• _Dataset records_
(* Let $\tau\in\mathbb{Z}$ and let $m=2^\alpha a$, $l=2^\beta b$ with $a,b$ positive odd integers, $\alpha\geq1$, $\beta\geq0$. Then \[ 2^{2\alpha}\ \Big|\ (-1)^{m\tau+m+l}\binom{m}{l}\binom{m\tau+l-1}{m-1}-(-1)^{\frac{m\tau+m+l}{2}}\binom{m/2}{l/2}\binom{\frac{m\tau+l}{2}-1}{\frac{m}{2}-1}, \] where for $\beta=0$ the second term is set to zero.
   Context: Binomial coefficients with negative top argument are defined by $\binom{n}{k}=(-1)^k\binom{-n+k-1}{k}$ for $n<0$, $k\geq0$; for $n\geq0$ they are the usual ones (zero when $k>n$). *)

From HB Require Import structures.
From mathcomp Require Import all_boot all_order all_algebra.
Set Implicit Arguments. Unset Strict Implicit. Unset Printing Implicit Defensive.
Import Order.TTheory GRing.Theory Num.Theory.
Local Open Scope ring_scope.

(* Generalized binomial coefficient with integer top argument:
   binZ n k = 'C(n,k) for n >= 0 (zero when k > n), and
   binZ n k = (-1)^k 'C(-n+k-1, k) for n < 0. *)
Definition binZ (n : int) (k : nat) : int :=
  match n with
  | Posz n' => ('C(n', k))%:Z
  | Negz n' => (-1) ^+ k * ('C(n' + k, k))%:Z
  end.
(* Note: Negz n' = -(n'+1), so -n + k - 1 = n' + k. *)

(* Write m = 2M, l = 2L, N = M tau + L, and P_n(x) = (x+1)(x+3)...(x+2n-1)
   ([oddprod n x]).  Since (2n)! = 2^n n! P_n(0), multiplying the difference
   by the odd number P_L(0) P_(M-L)(0) turns it into
   C(M,L) binZ(N-1, M-1) (P_M(2(L-M) + 2M tau) - e P_M(2(L-M))) with e = +-1.
   The 2-adic heart of the proof is P_M(x + 2M) = (-1)^M P_M(x) mod 2^(2k+2)
   for x even and M = 2^k a, a odd: for k >= 1 a second-order Taylor
   expansion reduces it to 2^(k+1) | P_M'(x), which is proved by doubling M.
   When l is odd, k binZ(x, k) = x binZ(x-1, k-1) shows that each of the two
   binomials of the first term is divisible by 2^alpha, because l and
   m tau + l are odd. *)

From HB Require Import structures.
From mathcomp Require Import all_boot all_order all_algebra.
From mathcomp Require Import ring zify.
Import Order.TTheory GRing.Theory Num.Theory.
Local Open Scope ring_scope.

Lemma pow2nz k : (2 ^ k)%N%:Z = 2 ^+ k.
Proof. by rewrite -natz natrX. Qed.

Lemma odd_natz n : odd n -> n%:Z = 2 * n./2%:Z + 1.
Proof.
by move=> odd_n; rewrite -{1}(odd_double_half n) odd_n -mul2n PoszD PoszM addrC.
Qed.

Lemma coprimez_pow2_odd k r : coprimez (2 ^+ k) (2 * r + 1).
Proof. by apply/coprimezXl/coprimezP; exists (- r, 1) => /=; ring. Qed.

Lemma signz_even (w : int) : (-1) ^ (2 * w) = 1 :> int.
Proof. by rewrite expN1r abszM -signr_odd oddM. Qed.

Lemma sign_split (M L : nat) (tau : int) : (L <= M)%N ->
  (-1) ^ (M%:Z * tau + L%:Z + M%:Z) = ((-1) ^+ M) ^+ `|tau|%N * (-1) ^+ (M - L) :> int.
Proof.
move=> leLM; rewrite -addrA exprzDr ?unitrN1 // -PoszD.
rewrite expN1r abszM absz_nat -exprM; congr (_ * _).
by rewrite (_ : L + M = (M - L) + L * 2)%N ?expN1r ?exprD ?exprM ?sqrr_sign ?mulr1 //; lia.
Qed.

Lemma antiperiodic_mod (f : int -> int) (s e d : int) :
  e ^+ 2 = 1 -> (forall x, exists q, f (x + s) = e * f x + d * q) ->
  forall x t, exists q, f (x + s * t) = e ^+ `|t|%N * f x + d * q.
Proof.
move=> e2 f_s.
have f_sn x n : exists q, f (x + s * n%:Z) = e ^+ n * f x + d * q.
  elim: n => [|n [q IH]]; first by exists 0; rewrite !mulr0 !addr0 mul1r.
  have [q' E] := f_s (x + s * n%:Z).
  have -> : x + s * n.+1%:Z = x + s * n%:Z + s by rewrite intS; ring.
  by rewrite E IH; exists (e * q + q'); rewrite exprS; ring.
move=> x [n|n]; first exact: f_sn.
have [q E] := f_sn (x + s * Negz n) n.+1.
rewrite NegzE -addrA mulrN addNr addr0 in E.
exists (- e ^+ n.+1 * q); rewrite E /= mulrDr mulrA -exprD addnn -mul2n exprM.
by rewrite e2 expr1n NegzE mulrN; ring.
Qed.

Fixpoint oddprod (n : nat) (x : int) : int :=
  if n is n'.+1 then oddprod n' x * (x + 2 * n'%:Z + 1) else 1.

Fixpoint oddprod_deriv (n : nat) (x : int) : int :=
  if n is n'.+1 then oddprod_deriv n' x * (x + 2 * n'%:Z + 1) + oddprod n' x
  else 0.

Lemma oddprod_recr n x : oddprod n.+1 x = oddprod n x * (x + 2 * n%:Z + 1).
Proof. by []. Qed.

Lemma oddprodD m n x :
  oddprod (m + n) x = oddprod m x * oddprod n (x + 2 * m%:Z).
Proof.
elim: n => [|n IH] /=; first by rewrite addn0 mulr1.
by rewrite addnS /= IH PoszD; ring.
Qed.

Lemma oddprod_recl n x : oddprod n.+1 x = (x + 1) * oddprod n (x + 2).
Proof. by rewrite -add1n oddprodD /=; ring. Qed.

Lemma oddprod_derivD m n x :
  oddprod_deriv (m + n) x = oddprod_deriv m x * oddprod n (x + 2 * m%:Z)
                            + oddprod m x * oddprod_deriv n (x + 2 * m%:Z).
Proof.
elim: n => [|n IH] /=; first by rewrite addn0 mulr1 mulr0 addr0.
by rewrite addnS /= IH oddprodD PoszD; ring.
Qed.

Lemma oddprod_taylor n x h : exists q,
  oddprod n (x + h) = oddprod n x + h * oddprod_deriv n x + h ^+ 2 * q.
Proof.
elim: n => [|n [q IH]] /=; first by exists 0; ring.
by rewrite IH; exists (oddprod_deriv n x + q * (x + h + 2 * n%:Z + 1)); ring.
Qed.

Lemma oddprod_deriv_shift n x h : exists q,
  oddprod_deriv n (x + 2 * h) = oddprod_deriv n x + 4 * h * q.
Proof.
elim: n => [|n [q IH]] /=; first by exists 0; ring.
have [r ->] := oddprod_taylor n x (2 * h).
rewrite IH; exists (q * (x + 2 * h + 2 * n%:Z + 1) + oddprod_deriv n x + h * r).
ring.
Qed.

Lemma oddprod_at_even n y : exists r, oddprod n (2 * y) = 2 * r + 1.
Proof.
elim: n => [|n [r IH]] /=; first by exists 0; ring.
by rewrite IH; exists (r * (2 * y + 2 * n%:Z + 1) + y + n%:Z); ring.
Qed.

Lemma oddprod_deriv_at_even n y : exists r, oddprod_deriv n (2 * y) = 2 * r + n%:Z.
Proof.
elim: n => [|n [r IH]] /=; first by exists 0; ring.
have [s ->] := oddprod_at_even n y.
rewrite IH; exists (r * (2 * y + 2 * n%:Z + 1) + n%:Z * (y + n%:Z) + s).
by rewrite intS; ring.
Qed.

Lemma oddprod_shift_odd a y : odd a -> exists q,
  oddprod a (2 * y + 2 * a%:Z) = - oddprod a (2 * y) + 4 * q.
Proof.
move=> odd_a; have [q ->] := oddprod_taylor a (2 * y) (2 * a%:Z).
have [r ->] := oddprod_at_even a y; have [s ->] := oddprod_deriv_at_even a y.
exists (r + 1 + 2 * a./2%:Z * (a./2%:Z + 1) + a%:Z * s + a%:Z ^+ 2 * q).
by rewrite [a%:Z]odd_natz //; ring.
Qed.

Lemma oddprod_deriv_double M y : exists t,
  oddprod_deriv (M + M) (2 * y) =
    oddprod_deriv M (2 * y) * (oddprod M (2 * y + 2 * M%:Z) + oddprod M (2 * y))
    + 4 * M%:Z * t * oddprod M (2 * y).
Proof.
have [t Ht] := oddprod_deriv_shift M (2 * y) M%:Z.
by rewrite oddprod_derivD Ht; exists t; ring.
Qed.

Lemma oddprod_deriv_2adic k a y : odd a -> exists u,
  oddprod_deriv (2 ^ k.+1 * a) (2 * y) = 2 ^+ k.+2 * u.
Proof.
move=> odd_a; elim: k y => [|k IH] y; rewrite expnS -mulnA mul2n -addnn.
  rewrite expn0 mul1n; have [t ->] := oddprod_deriv_double a y.
  have [q ->] := oddprod_shift_odd a y odd_a.
  by exists (oddprod_deriv a (2 * y) * q + a%:Z * t * oddprod a (2 * y)); ring.
set M := (2 ^ k.+1 * a)%N; have [t ->] := oddprod_deriv_double M y.
have [u ->] := IH y; have [r0 ->] := oddprod_at_even M y.
have [r1 E1] := oddprod_at_even M (y + M%:Z); rewrite mulrDr in E1; rewrite {}E1.
exists (u * (r1 + r0 + 1) + a%:Z * t * (2 * r0 + 1)).
by rewrite /M PoszM pow2nz !exprS; ring.
Qed.

Lemma oddprod_shift k a y : odd a -> exists q,
  oddprod (2 ^ k * a) (2 * y + 2 * (2 ^ k * a)%N%:Z)
  = (-1) ^+ (2 ^ k * a) * oddprod (2 ^ k * a) (2 * y) + 2 ^+ (2 * k.+1) * q.
Proof.
move=> odd_a; case: k => [|k].
  rewrite expn0 mul1n -signr_odd odd_a; have [q ->] := oddprod_shift_odd a y odd_a.
  by exists q; ring.
set M := (2 ^ k.+1 * a)%N.
have [q ->] := oddprod_taylor M (2 * y) (2 * M%:Z).
have [u ->] := oddprod_deriv_2adic k a y odd_a.
rewrite -signr_odd oddM oddX /= mul1r; exists (a%:Z * u + a%:Z ^+ 2 * q).
rewrite /M PoszM pow2nz (_ : 2 * k.+2 = k + k + 4)%N; last by lia.
by rewrite !exprD !exprS; ring.
Qed.

Lemma oddprod_periodic k a y tau (M := (2 ^ k * a)%N) : odd a -> exists q,
  oddprod M (2 * y + 2 * M%:Z * tau)
  = ((-1) ^+ M) ^+ `|tau|%N * oddprod M (2 * y) + 2 ^+ (2 * k.+1) * q.
Proof.
move=> odd_a; pose f z := oddprod M (2 * z).
have f_M z : exists q, f (z + M%:Z) = (-1) ^+ M * f z + 2 ^+ (2 * k.+1) * q.
  by rewrite /f mulrDr; apply: oddprod_shift.
have [q E] := @antiperiodic_mod f _ _ _ (sqrr_sign _ M) f_M y tau.
by exists q; rewrite /f mulrDr mulrA in E.
Qed.

Lemma oddprod_neg k : oddprod k (- 2 * k%:Z) = (-1) ^+ k * oddprod k 0.
Proof.
elim: k => [|k IH]; first by [].
rewrite oddprod_recl (_ : - 2 * k.+1%:Z + 2 = - 2 * k%:Z); last by rewrite intS; ring.
by rewrite IH oddprod_recr exprS intS; ring.
Qed.

Lemma oddprod_centered L M : (L <= M)%N ->
  oddprod M (2 * (L%:Z - M%:Z)) = (-1) ^+ (M - L) * (oddprod L 0 * oddprod (M - L) 0).
Proof.
move=> leLM; rewrite -{1}(subnK leLM) oddprodD.
have -> : 2 * (L%:Z - M%:Z) = - 2 * (M - L)%N%:Z by rewrite -subzn //; ring.
rewrite oddprod_neg (_ : - 2 * (M - L)%N%:Z + 2 * (M - L)%N%:Z = 0); last by ring.
by ring.
Qed.

Fixpoint ffactz (x : int) (k : nat) : int :=
  if k is k'.+1 then x * ffactz (x - 1) k' else 1.

Lemma ffactz_nat n k : ffactz n%:Z k = (n ^_ k)%:Z.
Proof.
elim: k n => [|k IH] n; case: n => [|n] //=; first by rewrite mul0r.
by rewrite -predn_int // IH ffactSS PoszM.
Qed.

Lemma ffactz_neg n k : ffactz (Negz n) k = (-1) ^+ k * ((n + k) ^_ k)%:Z.
Proof.
elim: k n => [|k IH] n /=; first by rewrite mul1r ffactn0.
have -> : Negz n - 1 = Negz n.+1 by rewrite !NegzE intS; ring.
rewrite IH addnS ffactnSr addSn subSn ?leq_addl // addnK PoszM NegzE addnC.
by rewrite exprS; ring.
Qed.

Lemma binZ_ffactz x k : binZ x k * k`!%:Z = ffactz x k.
Proof.
by case: x => n /=; rewrite ?ffactz_nat ?ffactz_neg -?mulrA -PoszM bin_ffact.
Qed.

Lemma ffactz_double x K :
  ffactz (2 * x + 1) (2 * K).+1 = 2 ^+ K * ffactz x K * oddprod K.+1 (2 * x - 2 * K%:Z).
Proof.
elim: K x => [|K IH] x; first by rewrite /=; ring.
rewrite (_ : (2 * K.+1).+1 = (2 * K).+3)%N; last by lia.
have -> : ffactz (2 * x + 1) (2 * K).+3
          = (2 * x + 1) * (2 * x) * ffactz (2 * (x - 1) + 1) (2 * K).+1.
  by rewrite /= (_ : 2 * x + 1 - 1 - 1 - 1 = 2 * (x - 1) + 1 - 1); ring.
rewrite IH [ffactz x _]/= (oddprod_recr K.+1) exprS.
rewrite (_ : 2 * (x - 1) - 2 * K%:Z = 2 * x - 2 * K.+1%:Z); last by rewrite intS; ring.
by rewrite !intS; ring.
Qed.

Lemma fact_double k : (2 * k)`!%:Z = 2 ^+ k * k`!%:Z * oddprod k 0.
Proof.
elim: k => [|k IH]; first by [].
rewrite (_ : (2 * k.+1)%N = (2 * k).+2); last by lia.
by rewrite !factS !PoszM IH oddprod_recr exprS !intS PoszM; ring.
Qed.

Lemma binZ_double_odd x M : (0 < M)%N ->
  binZ (2 * x + 1) (2 * M - 1) * (2 * M)`!%:Z
  = 2 ^+ M * M`!%:Z * binZ x (M - 1) * oddprod M (2 * x + 2 - 2 * M%:Z).
Proof.
case: M => // K _; rewrite (_ : (2 * K.+1)%N = (2 * K).+2); last by lia.
rewrite subn1 /= factS PoszM mulrCA binZ_ffactz ffactz_double -binZ_ffactz.
rewrite subn1 /= factS PoszM exprS -addn2 PoszD PoszM intS.
by rewrite (_ : 2 * x + 2 - 2 * (1 + K%:Z) = 2 * x - 2 * K%:Z); ring.
Qed.

Lemma binomial_double_oddprod M L x : (0 < M)%N -> (L <= M)%N ->
  'C(2 * M, 2 * L)%:Z * binZ (2 * x + 1) (2 * M - 1) * (oddprod L 0 * oddprod (M - L) 0)
  = 'C(M, L)%:Z * binZ x (M - 1) * oddprod M (2 * x + 2 - 2 * M%:Z).
Proof.
move=> M_gt0 leLM.
have F_neq0 : 2 ^+ M * L`!%:Z * (M - L)`!%:Z != 0 :> int.
  by rewrite !mulf_neq0 ?expf_neq0 // eqz_nat -lt0n fact_gt0.
apply: (mulIf F_neq0); transitivity (binZ (2 * x + 1) (2 * M - 1) * (2 * M)`!%:Z).
  have le2 : (2 * L <= 2 * M)%N by rewrite leq_mul2l leLM orbT.
  rewrite -(bin_fact le2) -mulnBr !PoszM !fact_double -(subnKC leLM) exprD addKn.
  by ring.
by rewrite binZ_double_odd // -(bin_fact leLM) !PoszM; ring.
Qed.

Lemma mul_binZ_pred x k : k.+1%:Z * binZ x k.+1 = x * binZ (x - 1) k.
Proof.
have k_neq0 : k`!%:Z != 0 by rewrite eqz_nat -lt0n fact_gt0.
apply: (mulIf k_neq0); transitivity (binZ x k.+1 * k.+1`!%:Z).
  by rewrite factS PoszM; ring.
by rewrite binZ_ffactz /= -binZ_ffactz; ring.
Qed.

Lemma dvdz_binZ d x k :
  coprimez d k.+1%:Z -> (d %| x)%Z -> (d %| binZ x k.+1)%Z.
Proof.
by move=> cop dvd_x; rewrite -(Gauss_dvdzr _ cop) mul_binZ_pred dvdz_mulr.
Qed.

Lemma dvdz_binZ_pred d x k :
  coprimez d x -> (d %| k.+1%:Z)%Z -> (d %| binZ (x - 1) k)%Z.
Proof.
by move=> cop dvd_k; rewrite -(Gauss_dvdzr _ cop) -mul_binZ_pred dvdz_mulr.
Qed.

Lemma dvdz_bin_odd_bottom alpha a b tau (m := (2 ^ alpha * a)%N) :
  odd a -> odd b -> (0 < alpha)%N ->
  (2 ^+ (2 * alpha) %| 'C(m, b)%:Z * binZ (m%:Z * tau + b%:Z - 1) (m - 1))%Z.
Proof.
move=> odd_a odd_b alpha_gt0.
have dvd_m : (2 ^+ alpha %| m%:Z)%Z by rewrite PoszM pow2nz dvdz_mulr.
rewrite mul2n -addnn exprD; apply: dvdz_mul.
  rewrite -(prednK (odd_gt0 odd_b)); apply: dvdz_binZ dvd_m.
  by rewrite prednK ?odd_gt0 // odd_natz // coprimez_pow2_odd.
have m_gt0 : (0 < m)%N by rewrite muln_gt0 expn_gt0 (odd_gt0 odd_a).
apply: dvdz_binZ_pred; last by rewrite subn1 prednK.
rewrite PoszM pow2nz [b%:Z]odd_natz //.
rewrite (_ : _ * tau + _ = 2 * (2 ^+ alpha.-1 * a%:Z * tau + b./2%:Z) + 1).
  exact: coprimez_pow2_odd.
by rewrite -{1}(prednK alpha_gt0) exprS; ring.
Qed.

Lemma dvdz_bin_double_sub k a L tau (M := (2 ^ k * a)%N) (N := M%:Z * tau + L%:Z) :
  odd a ->
  (2 ^+ (2 * k.+1) %| 'C(2 * M, 2 * L)%:Z * binZ (2 * N - 1) (2 * M - 1)
                     - (-1) ^ (N + M%:Z) * 'C(M, L)%:Z * binZ (N - 1) (M - 1))%Z.
Proof.
move=> odd_a; have [ltML | leLM] := ltnP M L.
  by rewrite !bin_small ?ltn_mul2l // !(mulr0, mul0r) subr0 dvdz0.
have M_gt0 : (0 < M)%N by rewrite muln_gt0 expn_gt0 (odd_gt0 odd_a).
pose P := oddprod L 0 * oddprod (M - L) 0.
have cop : coprimez (2 ^+ (2 * k.+1)) P.
  have [r1 E1] := oddprod_at_even L 0; have [r2 E2] := oddprod_at_even (M - L) 0.
  by rewrite mulr0 in E1 E2; rewrite /P E1 E2 coprimezMr !coprimez_pow2_odd.
rewrite -(Gauss_dvdzl _ cop) mulrBl (_ : 2 * N - 1 = 2 * (N - 1) + 1); last by ring.
rewrite binomial_double_oddprod //.
rewrite (_ : 2 * (N - 1) + 2 - 2 * M%:Z = 2 * (L%:Z - M%:Z) + 2 * M%:Z * tau).
  have [q ->] := oddprod_periodic k a (L%:Z - M%:Z) tau odd_a.
  rewrite oddprod_centered // /N sign_split //; apply/dvdzP.
  by exists ('C(M, L)%:Z * binZ (M%:Z * tau + L%:Z - 1) (M - 1) * q); rewrite /P; ring.
by rewrite /N; ring.
Qed.

Theorem lemma4p8 (tau : int) (alpha beta a b : nat) :
  odd a -> odd b -> (1 <= alpha)%N ->
  let m : nat := (2 ^ alpha * a)%N in
  let l : nat := (2 ^ beta * b)%N in
  ((2 ^ (2 * alpha))%N%:Z %|
     ((-1) ^ (m%:Z * tau + m%:Z + l%:Z) * ('C(m, l))%:Z
        * binZ (m%:Z * tau + l%:Z - 1) (m - 1)
      - (if beta == 0%N then 0
         else (-1) ^ (divz (m%:Z * tau + m%:Z + l%:Z) 2)
              * ('C(m %/ 2, l %/ 2))%:Z
              * binZ (divz (m%:Z * tau + l%:Z) 2 - 1) (m %/ 2 - 1))))%Z.
Proof.
move=> odd_a odd_b alpha_gt0; cbv zeta; rewrite pow2nz.
case: beta => [|j] /=.
  by rewrite expn0 mul1n subr0 -mulrA dvdz_mull ?dvdz_bin_odd_bottom.
case: alpha alpha_gt0 => // k _; rewrite !expnS -!mulnA !mulKn //.
set M := (2 ^ k * a)%N; set L := (2 ^ j * b)%N; set N := M%:Z * tau + L%:Z.
have -> : (2 * M)%N%:Z * tau + (2 * L)%N%:Z = 2 * N by rewrite /N !PoszM; ring.
have -> : (2 * M)%N%:Z * tau + (2 * M)%N%:Z + (2 * L)%N%:Z = 2 * (N + M%:Z).
  by rewrite /N !PoszM; ring.
by rewrite !mulKz // signz_even mul1r; apply: dvdz_bin_double_sub.
Qed.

• _Work instruction_
Every line above from the line with "by exists q; ring." to the line with "rewrite -signr_odd oddM" is wanted, ends included; write them out exactly and add no other line.

• _Response for this exercise_
  by exists q; ring.
set M := (2 ^ k.+1 * a)%N.
have [q ->] := oddprod_taylor M (2 * y) (2 * M%:Z).
have [u ->] := oddprod_deriv_2adic k a y odd_a.
rewrite -signr_odd oddM oddX /= mul1r; exists (a%:Z * u + a%:Z ^+ 2 * q).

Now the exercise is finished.